* [Required action]: Pull out every line in the data that has the string "previous" in it.

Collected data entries
-----
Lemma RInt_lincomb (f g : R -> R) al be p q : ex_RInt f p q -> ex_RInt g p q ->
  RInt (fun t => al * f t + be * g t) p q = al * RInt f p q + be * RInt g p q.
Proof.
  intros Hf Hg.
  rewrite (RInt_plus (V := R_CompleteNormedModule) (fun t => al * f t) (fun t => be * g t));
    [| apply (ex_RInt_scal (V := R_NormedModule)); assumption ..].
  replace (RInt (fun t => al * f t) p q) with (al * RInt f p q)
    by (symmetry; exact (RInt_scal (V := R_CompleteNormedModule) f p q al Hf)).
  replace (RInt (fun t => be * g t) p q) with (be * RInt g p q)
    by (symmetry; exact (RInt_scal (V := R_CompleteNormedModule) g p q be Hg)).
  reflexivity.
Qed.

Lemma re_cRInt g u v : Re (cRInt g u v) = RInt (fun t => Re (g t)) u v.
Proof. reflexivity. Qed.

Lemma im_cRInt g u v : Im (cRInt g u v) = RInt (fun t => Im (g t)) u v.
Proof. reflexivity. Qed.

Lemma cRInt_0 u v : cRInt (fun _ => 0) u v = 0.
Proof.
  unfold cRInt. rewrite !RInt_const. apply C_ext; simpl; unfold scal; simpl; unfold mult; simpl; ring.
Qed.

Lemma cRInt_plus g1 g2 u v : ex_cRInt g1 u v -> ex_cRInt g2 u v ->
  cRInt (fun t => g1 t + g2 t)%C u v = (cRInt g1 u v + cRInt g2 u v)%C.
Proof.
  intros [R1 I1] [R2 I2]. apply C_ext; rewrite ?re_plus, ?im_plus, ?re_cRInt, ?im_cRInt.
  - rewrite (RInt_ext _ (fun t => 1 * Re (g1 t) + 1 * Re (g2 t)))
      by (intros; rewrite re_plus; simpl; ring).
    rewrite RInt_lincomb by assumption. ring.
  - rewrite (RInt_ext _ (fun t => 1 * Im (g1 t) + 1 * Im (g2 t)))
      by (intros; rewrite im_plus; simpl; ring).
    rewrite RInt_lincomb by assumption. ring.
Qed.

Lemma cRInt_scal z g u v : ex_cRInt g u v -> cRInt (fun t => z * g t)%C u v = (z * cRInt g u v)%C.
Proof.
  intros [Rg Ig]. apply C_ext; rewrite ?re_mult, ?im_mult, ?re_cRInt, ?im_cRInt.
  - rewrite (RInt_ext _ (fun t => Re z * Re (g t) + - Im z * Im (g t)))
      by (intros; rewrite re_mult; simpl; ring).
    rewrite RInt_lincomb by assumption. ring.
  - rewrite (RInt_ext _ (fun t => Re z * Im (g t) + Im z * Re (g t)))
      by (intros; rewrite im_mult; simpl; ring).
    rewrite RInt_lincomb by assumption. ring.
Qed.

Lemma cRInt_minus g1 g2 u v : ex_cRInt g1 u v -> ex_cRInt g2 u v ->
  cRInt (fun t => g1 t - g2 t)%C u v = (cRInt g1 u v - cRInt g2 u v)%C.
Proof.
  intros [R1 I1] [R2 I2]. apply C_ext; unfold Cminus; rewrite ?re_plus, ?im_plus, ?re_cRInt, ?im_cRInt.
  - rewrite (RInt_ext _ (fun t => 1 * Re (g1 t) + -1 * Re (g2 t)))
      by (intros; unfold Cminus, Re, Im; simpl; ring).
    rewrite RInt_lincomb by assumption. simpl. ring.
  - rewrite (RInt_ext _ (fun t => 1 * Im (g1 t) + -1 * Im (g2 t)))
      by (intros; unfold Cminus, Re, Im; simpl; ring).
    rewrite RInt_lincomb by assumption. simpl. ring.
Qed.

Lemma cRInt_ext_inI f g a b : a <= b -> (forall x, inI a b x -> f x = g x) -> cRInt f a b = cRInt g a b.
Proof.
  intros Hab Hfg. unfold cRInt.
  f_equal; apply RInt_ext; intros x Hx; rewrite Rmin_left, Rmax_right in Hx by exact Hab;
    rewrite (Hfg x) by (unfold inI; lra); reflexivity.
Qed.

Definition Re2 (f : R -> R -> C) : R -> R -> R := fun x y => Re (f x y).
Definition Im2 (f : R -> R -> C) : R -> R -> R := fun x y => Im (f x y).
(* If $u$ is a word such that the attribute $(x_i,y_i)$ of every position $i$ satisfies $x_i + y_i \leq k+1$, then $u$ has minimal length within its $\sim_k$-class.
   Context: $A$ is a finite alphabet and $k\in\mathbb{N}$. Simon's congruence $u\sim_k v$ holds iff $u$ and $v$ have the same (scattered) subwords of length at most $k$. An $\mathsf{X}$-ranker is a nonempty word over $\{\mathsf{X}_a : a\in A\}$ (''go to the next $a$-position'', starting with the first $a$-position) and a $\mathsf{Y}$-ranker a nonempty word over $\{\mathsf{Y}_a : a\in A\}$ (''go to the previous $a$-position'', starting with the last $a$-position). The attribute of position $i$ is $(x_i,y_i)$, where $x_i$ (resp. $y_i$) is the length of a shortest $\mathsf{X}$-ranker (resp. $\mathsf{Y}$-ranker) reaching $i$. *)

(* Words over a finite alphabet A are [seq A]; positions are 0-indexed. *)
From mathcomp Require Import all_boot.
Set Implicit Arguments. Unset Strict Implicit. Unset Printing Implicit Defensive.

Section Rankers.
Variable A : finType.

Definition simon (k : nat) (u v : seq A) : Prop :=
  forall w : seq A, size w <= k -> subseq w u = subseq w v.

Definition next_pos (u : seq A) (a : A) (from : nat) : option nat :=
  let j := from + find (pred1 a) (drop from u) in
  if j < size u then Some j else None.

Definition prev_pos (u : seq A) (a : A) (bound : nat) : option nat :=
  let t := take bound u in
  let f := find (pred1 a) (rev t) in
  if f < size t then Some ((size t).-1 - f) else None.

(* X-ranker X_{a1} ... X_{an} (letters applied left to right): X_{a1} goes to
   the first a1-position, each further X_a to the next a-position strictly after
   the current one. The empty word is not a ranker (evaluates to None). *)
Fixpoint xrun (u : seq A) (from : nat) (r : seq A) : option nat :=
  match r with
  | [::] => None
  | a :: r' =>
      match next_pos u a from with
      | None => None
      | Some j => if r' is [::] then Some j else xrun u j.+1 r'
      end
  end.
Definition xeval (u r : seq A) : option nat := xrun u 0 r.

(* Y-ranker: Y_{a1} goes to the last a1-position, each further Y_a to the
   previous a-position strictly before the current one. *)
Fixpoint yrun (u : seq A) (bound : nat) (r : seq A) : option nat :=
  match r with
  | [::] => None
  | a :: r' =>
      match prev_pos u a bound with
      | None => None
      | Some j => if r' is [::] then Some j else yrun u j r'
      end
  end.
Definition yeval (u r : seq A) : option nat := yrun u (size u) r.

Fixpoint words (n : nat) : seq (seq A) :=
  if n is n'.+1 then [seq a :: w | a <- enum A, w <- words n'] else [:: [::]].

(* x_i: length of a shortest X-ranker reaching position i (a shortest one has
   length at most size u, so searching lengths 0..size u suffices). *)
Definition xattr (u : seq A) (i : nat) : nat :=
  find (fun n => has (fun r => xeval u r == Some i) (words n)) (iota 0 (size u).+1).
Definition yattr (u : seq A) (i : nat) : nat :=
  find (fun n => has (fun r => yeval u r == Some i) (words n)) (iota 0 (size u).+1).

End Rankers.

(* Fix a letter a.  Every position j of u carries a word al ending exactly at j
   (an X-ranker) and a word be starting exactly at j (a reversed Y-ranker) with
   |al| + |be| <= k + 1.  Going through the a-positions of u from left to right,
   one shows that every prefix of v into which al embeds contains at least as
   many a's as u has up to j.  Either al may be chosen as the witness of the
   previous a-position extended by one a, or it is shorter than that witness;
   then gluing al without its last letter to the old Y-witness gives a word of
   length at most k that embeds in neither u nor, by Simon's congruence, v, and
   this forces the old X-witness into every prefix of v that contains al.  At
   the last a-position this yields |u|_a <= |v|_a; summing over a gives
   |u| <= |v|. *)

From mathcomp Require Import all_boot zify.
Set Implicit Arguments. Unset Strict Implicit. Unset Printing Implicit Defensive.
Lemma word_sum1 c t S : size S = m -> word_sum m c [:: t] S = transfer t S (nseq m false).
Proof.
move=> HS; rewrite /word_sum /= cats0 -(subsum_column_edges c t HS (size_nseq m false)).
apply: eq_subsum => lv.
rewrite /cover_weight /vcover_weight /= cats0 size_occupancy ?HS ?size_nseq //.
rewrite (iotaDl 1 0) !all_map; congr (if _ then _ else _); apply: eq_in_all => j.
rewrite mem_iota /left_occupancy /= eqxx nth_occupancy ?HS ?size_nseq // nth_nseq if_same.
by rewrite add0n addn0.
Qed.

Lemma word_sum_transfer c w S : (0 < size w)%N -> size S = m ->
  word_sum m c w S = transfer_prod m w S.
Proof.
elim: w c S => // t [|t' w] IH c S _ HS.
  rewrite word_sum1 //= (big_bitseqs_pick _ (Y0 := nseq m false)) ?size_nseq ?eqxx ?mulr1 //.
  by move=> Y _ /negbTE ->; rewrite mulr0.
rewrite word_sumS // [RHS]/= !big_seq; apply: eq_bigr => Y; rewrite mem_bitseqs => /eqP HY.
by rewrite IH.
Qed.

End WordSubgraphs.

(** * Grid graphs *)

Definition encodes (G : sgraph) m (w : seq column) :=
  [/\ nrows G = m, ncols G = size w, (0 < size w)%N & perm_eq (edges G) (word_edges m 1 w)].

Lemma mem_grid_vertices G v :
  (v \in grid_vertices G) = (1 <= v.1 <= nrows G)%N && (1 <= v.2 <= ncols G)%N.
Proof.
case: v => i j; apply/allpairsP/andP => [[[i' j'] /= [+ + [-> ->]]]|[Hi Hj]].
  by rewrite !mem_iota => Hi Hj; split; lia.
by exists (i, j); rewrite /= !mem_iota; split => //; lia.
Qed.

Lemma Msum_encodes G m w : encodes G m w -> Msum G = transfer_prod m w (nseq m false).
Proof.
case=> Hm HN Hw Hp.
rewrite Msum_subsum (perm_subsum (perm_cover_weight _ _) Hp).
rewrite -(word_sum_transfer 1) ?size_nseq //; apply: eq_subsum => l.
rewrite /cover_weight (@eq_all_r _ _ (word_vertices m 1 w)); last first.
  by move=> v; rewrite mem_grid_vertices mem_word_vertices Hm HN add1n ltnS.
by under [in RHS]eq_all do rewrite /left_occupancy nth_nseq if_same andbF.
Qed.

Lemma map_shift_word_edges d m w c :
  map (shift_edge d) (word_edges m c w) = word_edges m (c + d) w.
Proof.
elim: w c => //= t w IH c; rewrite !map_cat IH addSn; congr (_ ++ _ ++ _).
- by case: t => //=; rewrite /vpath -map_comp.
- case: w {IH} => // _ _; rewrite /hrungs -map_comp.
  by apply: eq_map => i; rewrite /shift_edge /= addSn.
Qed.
-----
* [Result for this task]:
   Context: $A$ is a finite alphabet and $k\in\mathbb{N}$. Simon's congruence $u\sim_k v$ holds iff $u$ and $v$ have the same (scattered) subwords of length at most $k$. An $\mathsf{X}$-ranker is a nonempty word over $\{\mathsf{X}_a : a\in A\}$ (''go to the next $a$-position'', starting with the first $a$-position) and a $\mathsf{Y}$-ranker a nonempty word over $\{\mathsf{Y}_a : a\in A\}$ (''go to the previous $a$-position'', starting with the last $a$-position). The attribute of position $i$ is $(x_i,y_i)$, where $x_i$ (resp. $y_i$) is the length of a shortest $\mathsf{X}$-ranker (resp. $\mathsf{Y}$-ranker) reaching $i$. *)
   previous a-position strictly before the current one. *)
   previous a-position extended by one a, or it is shorter than that witness;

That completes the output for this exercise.